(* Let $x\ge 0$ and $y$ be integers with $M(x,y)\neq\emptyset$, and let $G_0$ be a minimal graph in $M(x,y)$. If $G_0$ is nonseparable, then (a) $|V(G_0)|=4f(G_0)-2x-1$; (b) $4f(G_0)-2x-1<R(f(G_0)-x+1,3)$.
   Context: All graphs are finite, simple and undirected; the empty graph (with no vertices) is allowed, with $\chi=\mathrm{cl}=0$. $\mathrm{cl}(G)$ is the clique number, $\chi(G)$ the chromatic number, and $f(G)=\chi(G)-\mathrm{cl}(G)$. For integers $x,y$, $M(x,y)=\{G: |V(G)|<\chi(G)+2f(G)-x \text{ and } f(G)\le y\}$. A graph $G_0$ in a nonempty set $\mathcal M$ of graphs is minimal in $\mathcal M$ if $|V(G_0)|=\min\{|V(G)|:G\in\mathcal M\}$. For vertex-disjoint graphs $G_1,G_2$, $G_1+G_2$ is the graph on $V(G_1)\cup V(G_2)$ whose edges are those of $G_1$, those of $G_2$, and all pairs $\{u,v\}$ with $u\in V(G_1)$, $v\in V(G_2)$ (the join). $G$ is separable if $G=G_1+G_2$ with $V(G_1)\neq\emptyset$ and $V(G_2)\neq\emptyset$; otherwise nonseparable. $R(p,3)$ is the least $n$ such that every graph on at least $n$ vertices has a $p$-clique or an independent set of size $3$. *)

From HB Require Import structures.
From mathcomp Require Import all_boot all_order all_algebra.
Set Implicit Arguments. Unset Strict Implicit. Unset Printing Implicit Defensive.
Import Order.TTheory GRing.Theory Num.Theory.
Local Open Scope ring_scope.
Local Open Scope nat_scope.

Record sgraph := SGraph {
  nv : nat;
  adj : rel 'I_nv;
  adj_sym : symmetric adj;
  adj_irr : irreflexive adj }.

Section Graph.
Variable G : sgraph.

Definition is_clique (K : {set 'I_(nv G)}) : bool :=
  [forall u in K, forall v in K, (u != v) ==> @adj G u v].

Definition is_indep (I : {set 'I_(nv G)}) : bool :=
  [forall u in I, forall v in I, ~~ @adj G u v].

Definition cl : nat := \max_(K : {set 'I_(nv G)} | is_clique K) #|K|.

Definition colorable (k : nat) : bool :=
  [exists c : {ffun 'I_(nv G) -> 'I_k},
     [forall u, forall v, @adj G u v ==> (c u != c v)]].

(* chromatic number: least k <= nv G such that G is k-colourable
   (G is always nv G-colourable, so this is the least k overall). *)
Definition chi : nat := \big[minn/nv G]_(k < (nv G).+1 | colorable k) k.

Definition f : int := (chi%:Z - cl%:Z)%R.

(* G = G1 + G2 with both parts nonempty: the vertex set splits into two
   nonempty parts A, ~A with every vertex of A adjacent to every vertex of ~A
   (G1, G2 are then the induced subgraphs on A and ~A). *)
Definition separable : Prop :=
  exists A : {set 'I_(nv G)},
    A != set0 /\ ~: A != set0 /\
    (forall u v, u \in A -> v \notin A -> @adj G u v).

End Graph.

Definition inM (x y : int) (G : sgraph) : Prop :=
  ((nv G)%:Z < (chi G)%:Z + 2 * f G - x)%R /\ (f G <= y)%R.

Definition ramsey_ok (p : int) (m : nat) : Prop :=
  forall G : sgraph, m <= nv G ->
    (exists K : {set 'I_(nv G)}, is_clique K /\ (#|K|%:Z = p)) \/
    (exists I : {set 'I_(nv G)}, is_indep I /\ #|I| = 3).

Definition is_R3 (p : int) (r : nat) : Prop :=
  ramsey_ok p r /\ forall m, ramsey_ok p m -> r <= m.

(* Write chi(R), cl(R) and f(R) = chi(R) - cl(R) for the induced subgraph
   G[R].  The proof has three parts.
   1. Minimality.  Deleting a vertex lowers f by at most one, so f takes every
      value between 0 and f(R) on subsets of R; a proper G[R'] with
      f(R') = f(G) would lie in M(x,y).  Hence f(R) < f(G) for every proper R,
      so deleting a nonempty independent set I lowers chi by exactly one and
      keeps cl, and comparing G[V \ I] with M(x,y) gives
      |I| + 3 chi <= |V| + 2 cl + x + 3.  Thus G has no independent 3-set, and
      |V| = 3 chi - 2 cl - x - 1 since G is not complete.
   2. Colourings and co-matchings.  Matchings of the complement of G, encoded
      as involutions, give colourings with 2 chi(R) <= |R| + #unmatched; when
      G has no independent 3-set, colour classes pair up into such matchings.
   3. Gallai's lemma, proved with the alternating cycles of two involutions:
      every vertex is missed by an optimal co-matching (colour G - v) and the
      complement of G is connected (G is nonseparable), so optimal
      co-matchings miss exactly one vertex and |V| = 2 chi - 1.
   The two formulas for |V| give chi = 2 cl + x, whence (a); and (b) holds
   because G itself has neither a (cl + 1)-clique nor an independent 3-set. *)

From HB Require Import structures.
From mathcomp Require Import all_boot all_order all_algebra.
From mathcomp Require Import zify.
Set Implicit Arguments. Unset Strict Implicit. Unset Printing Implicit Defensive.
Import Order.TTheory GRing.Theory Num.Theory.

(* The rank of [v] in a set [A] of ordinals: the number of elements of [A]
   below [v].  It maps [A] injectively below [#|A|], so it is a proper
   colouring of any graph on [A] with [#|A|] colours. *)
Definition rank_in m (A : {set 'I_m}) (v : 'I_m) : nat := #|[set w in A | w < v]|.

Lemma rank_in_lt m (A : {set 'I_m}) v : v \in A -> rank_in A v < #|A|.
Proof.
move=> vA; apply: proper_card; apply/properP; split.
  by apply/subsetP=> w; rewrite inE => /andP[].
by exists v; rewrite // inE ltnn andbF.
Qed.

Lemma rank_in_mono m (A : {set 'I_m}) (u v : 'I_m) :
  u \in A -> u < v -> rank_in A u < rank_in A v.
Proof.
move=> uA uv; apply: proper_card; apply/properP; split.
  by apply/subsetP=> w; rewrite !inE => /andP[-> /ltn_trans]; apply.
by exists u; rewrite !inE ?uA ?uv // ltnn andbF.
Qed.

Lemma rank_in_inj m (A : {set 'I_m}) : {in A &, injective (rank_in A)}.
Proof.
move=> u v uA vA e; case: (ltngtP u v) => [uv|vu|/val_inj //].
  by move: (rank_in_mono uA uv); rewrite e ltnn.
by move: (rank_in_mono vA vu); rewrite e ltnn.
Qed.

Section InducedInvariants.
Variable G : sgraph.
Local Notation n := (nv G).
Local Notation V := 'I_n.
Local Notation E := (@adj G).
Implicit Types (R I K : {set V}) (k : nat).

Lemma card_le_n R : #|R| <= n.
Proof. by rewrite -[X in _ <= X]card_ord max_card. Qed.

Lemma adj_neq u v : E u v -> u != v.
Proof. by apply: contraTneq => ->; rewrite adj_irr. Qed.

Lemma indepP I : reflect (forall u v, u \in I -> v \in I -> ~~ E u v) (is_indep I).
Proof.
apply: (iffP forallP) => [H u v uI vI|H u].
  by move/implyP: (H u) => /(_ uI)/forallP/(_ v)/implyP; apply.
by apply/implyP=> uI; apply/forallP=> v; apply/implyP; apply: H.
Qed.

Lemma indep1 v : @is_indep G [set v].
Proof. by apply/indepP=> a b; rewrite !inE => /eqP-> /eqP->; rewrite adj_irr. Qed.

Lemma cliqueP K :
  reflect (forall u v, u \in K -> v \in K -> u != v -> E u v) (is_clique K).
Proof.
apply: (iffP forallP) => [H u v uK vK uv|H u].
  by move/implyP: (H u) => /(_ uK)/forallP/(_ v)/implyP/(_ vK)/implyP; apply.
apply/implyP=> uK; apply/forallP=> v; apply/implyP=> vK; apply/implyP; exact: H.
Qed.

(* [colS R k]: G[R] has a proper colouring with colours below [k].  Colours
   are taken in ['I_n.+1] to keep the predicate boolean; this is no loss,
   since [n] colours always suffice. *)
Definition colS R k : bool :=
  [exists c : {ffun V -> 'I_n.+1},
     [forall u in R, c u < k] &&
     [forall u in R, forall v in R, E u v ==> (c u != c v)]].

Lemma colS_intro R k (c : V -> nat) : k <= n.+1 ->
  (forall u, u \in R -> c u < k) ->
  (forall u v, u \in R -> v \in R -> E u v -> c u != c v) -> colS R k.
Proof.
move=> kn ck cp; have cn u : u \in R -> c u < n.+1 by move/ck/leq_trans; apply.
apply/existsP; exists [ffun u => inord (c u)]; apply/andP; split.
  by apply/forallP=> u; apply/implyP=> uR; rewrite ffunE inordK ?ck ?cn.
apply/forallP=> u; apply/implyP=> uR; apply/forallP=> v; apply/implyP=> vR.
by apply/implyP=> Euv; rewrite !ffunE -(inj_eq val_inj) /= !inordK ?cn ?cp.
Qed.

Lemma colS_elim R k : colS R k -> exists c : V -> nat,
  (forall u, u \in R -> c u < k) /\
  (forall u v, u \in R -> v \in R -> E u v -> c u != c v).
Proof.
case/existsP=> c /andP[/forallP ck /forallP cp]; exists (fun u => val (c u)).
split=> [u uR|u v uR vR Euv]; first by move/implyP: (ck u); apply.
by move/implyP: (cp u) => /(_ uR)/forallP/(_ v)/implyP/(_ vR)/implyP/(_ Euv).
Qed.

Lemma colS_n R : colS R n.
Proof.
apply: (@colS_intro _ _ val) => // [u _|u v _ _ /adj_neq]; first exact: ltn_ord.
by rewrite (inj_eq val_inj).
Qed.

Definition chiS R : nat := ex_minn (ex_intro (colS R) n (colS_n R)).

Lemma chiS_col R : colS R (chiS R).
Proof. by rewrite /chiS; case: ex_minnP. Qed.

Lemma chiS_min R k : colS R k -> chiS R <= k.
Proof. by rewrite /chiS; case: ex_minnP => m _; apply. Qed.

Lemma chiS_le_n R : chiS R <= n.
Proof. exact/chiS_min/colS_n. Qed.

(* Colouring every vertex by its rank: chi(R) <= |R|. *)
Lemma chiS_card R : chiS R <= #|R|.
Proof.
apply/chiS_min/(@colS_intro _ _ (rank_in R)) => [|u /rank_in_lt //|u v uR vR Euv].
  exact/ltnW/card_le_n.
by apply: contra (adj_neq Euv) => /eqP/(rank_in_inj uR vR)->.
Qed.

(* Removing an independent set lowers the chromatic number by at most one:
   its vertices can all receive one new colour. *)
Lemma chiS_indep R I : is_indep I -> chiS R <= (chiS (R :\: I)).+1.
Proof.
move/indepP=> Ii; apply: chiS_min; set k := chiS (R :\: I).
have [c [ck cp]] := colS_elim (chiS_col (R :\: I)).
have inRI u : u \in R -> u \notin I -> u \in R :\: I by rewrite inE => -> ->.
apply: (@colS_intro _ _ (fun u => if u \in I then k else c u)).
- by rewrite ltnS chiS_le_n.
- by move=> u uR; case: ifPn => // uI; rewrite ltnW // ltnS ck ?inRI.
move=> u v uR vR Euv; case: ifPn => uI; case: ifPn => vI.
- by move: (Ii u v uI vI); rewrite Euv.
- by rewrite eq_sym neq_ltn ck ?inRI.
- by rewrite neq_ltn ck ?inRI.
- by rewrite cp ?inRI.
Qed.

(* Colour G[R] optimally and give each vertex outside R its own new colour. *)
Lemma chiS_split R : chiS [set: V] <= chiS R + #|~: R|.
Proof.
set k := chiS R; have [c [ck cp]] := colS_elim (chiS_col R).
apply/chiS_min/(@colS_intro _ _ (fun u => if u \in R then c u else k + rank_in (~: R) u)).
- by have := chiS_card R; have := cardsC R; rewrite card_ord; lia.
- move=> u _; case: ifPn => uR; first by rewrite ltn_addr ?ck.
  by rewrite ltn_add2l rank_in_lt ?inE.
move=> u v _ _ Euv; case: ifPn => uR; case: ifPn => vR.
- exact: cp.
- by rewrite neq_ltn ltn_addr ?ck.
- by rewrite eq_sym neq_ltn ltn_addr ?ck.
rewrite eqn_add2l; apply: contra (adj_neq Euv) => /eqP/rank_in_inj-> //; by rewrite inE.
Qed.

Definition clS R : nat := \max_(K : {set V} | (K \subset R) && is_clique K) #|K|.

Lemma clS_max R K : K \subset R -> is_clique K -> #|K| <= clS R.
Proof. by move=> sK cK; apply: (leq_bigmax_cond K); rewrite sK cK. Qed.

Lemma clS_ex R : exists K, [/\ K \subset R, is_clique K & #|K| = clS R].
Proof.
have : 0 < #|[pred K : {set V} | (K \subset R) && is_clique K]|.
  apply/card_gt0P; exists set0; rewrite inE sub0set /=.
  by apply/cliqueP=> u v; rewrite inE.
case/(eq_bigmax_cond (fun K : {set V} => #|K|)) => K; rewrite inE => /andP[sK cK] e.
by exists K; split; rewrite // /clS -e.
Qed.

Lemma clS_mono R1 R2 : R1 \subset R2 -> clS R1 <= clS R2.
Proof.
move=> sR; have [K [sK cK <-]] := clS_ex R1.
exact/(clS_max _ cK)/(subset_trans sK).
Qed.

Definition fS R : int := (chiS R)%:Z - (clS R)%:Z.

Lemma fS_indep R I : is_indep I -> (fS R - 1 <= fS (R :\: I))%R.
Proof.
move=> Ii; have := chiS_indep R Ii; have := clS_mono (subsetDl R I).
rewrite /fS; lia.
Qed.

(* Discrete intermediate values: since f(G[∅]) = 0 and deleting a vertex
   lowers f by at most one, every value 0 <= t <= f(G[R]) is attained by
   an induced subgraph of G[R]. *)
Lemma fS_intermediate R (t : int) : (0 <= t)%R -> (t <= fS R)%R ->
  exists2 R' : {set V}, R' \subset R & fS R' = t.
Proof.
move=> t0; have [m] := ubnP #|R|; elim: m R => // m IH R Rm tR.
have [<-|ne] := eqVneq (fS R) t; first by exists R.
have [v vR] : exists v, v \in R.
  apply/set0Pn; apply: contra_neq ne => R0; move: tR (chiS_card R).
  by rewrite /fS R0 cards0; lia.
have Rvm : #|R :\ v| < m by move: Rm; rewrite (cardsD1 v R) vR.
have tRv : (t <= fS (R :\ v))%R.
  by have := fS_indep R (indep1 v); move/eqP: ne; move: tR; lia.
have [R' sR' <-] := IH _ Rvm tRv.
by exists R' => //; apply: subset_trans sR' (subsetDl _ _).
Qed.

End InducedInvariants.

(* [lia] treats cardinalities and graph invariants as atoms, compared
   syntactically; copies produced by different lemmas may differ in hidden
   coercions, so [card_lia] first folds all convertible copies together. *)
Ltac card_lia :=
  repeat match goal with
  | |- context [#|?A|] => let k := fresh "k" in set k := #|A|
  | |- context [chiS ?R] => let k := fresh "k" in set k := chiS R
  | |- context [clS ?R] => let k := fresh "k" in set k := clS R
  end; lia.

────

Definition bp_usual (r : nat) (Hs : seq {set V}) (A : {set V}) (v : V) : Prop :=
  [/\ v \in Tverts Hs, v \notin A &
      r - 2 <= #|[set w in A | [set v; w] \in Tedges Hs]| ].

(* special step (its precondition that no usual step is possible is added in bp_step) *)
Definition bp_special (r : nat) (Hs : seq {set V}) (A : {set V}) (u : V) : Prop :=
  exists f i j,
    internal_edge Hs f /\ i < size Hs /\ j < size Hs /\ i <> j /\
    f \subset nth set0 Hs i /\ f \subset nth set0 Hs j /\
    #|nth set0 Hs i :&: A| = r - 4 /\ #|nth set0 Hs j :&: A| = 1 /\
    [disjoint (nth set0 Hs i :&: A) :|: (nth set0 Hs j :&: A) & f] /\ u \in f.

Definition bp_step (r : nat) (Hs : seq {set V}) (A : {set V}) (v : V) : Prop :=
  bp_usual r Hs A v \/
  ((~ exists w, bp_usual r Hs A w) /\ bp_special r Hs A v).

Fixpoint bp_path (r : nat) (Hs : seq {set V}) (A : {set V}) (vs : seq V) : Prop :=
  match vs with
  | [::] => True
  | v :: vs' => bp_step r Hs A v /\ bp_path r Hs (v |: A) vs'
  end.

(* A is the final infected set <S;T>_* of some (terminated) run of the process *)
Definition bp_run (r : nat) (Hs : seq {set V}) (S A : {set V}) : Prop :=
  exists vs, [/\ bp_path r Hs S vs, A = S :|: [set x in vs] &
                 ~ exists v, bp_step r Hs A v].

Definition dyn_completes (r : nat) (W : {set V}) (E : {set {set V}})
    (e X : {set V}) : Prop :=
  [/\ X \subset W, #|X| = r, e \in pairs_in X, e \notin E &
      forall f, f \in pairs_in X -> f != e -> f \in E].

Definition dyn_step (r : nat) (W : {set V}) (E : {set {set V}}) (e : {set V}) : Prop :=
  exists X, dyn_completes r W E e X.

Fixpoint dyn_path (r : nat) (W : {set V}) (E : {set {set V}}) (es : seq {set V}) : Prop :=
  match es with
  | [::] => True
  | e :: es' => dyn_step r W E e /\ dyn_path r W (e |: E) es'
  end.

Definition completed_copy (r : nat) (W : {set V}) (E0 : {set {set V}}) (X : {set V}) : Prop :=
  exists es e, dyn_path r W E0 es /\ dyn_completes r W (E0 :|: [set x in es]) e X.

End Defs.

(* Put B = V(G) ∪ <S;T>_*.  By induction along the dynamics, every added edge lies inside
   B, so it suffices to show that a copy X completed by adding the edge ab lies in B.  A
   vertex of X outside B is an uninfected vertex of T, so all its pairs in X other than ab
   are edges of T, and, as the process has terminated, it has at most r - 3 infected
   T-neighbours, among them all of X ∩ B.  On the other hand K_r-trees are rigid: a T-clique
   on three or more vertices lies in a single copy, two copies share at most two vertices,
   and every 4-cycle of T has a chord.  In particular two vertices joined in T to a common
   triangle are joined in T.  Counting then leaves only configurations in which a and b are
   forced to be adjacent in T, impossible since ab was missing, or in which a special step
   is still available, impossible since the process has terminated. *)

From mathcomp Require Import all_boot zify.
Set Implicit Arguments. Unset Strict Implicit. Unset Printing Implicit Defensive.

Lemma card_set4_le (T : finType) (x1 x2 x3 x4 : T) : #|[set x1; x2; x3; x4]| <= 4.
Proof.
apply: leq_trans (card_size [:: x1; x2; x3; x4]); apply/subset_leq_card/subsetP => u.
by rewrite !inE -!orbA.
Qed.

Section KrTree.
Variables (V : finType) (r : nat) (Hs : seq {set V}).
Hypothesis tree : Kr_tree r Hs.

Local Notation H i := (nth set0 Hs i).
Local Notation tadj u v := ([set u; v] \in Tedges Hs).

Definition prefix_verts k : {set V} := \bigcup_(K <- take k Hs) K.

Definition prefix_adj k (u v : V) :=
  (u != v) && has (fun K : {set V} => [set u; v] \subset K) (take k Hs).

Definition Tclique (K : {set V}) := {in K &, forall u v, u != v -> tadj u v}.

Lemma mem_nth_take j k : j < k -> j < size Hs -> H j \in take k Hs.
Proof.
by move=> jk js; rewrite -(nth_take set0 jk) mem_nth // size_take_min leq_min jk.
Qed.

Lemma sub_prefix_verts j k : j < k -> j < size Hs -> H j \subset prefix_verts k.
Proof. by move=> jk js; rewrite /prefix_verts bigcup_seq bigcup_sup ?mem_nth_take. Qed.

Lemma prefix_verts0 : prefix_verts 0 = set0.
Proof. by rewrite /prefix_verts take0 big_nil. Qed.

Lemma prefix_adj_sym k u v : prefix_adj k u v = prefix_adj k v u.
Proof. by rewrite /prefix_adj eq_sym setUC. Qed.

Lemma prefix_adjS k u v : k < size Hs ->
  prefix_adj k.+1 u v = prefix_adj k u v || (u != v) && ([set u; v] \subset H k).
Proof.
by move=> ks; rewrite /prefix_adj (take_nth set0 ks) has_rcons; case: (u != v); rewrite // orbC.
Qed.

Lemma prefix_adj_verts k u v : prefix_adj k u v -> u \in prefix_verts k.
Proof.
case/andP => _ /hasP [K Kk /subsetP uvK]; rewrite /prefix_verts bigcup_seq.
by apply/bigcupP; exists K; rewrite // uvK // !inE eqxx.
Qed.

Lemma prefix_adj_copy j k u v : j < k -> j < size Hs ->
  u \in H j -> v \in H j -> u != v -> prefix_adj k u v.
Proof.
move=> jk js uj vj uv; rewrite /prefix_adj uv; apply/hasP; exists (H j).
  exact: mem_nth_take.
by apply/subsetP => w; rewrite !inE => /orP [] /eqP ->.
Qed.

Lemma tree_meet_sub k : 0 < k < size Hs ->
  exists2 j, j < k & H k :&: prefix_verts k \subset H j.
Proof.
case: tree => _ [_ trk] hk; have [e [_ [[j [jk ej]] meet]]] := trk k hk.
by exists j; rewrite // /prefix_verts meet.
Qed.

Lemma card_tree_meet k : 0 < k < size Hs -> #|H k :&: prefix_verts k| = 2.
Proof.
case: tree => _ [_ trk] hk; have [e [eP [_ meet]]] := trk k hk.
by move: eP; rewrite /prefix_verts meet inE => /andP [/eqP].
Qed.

────

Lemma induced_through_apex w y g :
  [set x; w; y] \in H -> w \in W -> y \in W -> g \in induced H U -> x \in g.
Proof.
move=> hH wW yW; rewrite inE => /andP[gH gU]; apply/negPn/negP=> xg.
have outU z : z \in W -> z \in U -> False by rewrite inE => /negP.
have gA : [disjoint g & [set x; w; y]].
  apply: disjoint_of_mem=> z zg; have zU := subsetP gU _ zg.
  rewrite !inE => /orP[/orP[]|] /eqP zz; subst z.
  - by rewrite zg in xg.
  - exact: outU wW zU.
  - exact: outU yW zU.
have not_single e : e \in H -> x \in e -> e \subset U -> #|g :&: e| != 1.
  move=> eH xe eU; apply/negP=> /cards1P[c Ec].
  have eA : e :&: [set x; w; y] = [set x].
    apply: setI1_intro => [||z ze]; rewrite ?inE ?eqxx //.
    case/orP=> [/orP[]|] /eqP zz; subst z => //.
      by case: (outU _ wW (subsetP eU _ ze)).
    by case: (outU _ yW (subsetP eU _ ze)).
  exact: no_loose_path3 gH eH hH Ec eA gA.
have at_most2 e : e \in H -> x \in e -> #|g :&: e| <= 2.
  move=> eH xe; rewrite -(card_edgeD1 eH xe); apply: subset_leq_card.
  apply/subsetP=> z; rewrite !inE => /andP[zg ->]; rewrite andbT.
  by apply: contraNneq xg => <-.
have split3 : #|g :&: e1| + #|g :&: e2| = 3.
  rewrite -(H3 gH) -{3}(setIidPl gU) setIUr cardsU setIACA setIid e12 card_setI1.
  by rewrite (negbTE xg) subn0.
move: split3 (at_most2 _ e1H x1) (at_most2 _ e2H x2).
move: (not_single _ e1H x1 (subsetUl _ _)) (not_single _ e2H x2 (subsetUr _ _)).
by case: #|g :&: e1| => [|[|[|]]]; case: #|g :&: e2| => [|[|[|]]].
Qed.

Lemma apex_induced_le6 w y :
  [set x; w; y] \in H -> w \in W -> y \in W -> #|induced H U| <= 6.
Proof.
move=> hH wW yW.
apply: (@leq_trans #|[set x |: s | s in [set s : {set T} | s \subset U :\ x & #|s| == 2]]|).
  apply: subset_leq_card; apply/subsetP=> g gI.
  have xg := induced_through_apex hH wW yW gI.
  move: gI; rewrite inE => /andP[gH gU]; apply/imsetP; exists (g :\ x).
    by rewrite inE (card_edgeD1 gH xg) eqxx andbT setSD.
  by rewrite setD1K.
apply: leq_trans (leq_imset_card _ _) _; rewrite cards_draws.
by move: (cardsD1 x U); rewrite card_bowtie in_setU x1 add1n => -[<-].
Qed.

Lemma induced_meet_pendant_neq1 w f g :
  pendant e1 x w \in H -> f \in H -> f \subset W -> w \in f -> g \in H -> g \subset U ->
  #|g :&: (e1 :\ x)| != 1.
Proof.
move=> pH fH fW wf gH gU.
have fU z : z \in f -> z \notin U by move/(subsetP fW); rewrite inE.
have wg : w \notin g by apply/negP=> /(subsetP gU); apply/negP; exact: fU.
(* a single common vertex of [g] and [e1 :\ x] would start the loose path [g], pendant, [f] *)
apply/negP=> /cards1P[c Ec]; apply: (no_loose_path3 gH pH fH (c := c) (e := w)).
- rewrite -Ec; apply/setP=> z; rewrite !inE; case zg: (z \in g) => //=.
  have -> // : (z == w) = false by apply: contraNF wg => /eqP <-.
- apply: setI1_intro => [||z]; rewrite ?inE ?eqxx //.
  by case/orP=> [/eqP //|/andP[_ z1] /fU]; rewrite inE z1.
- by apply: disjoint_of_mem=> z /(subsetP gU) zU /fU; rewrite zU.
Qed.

────

Output only the number of lines above holding "chromatic".

__Result below__
3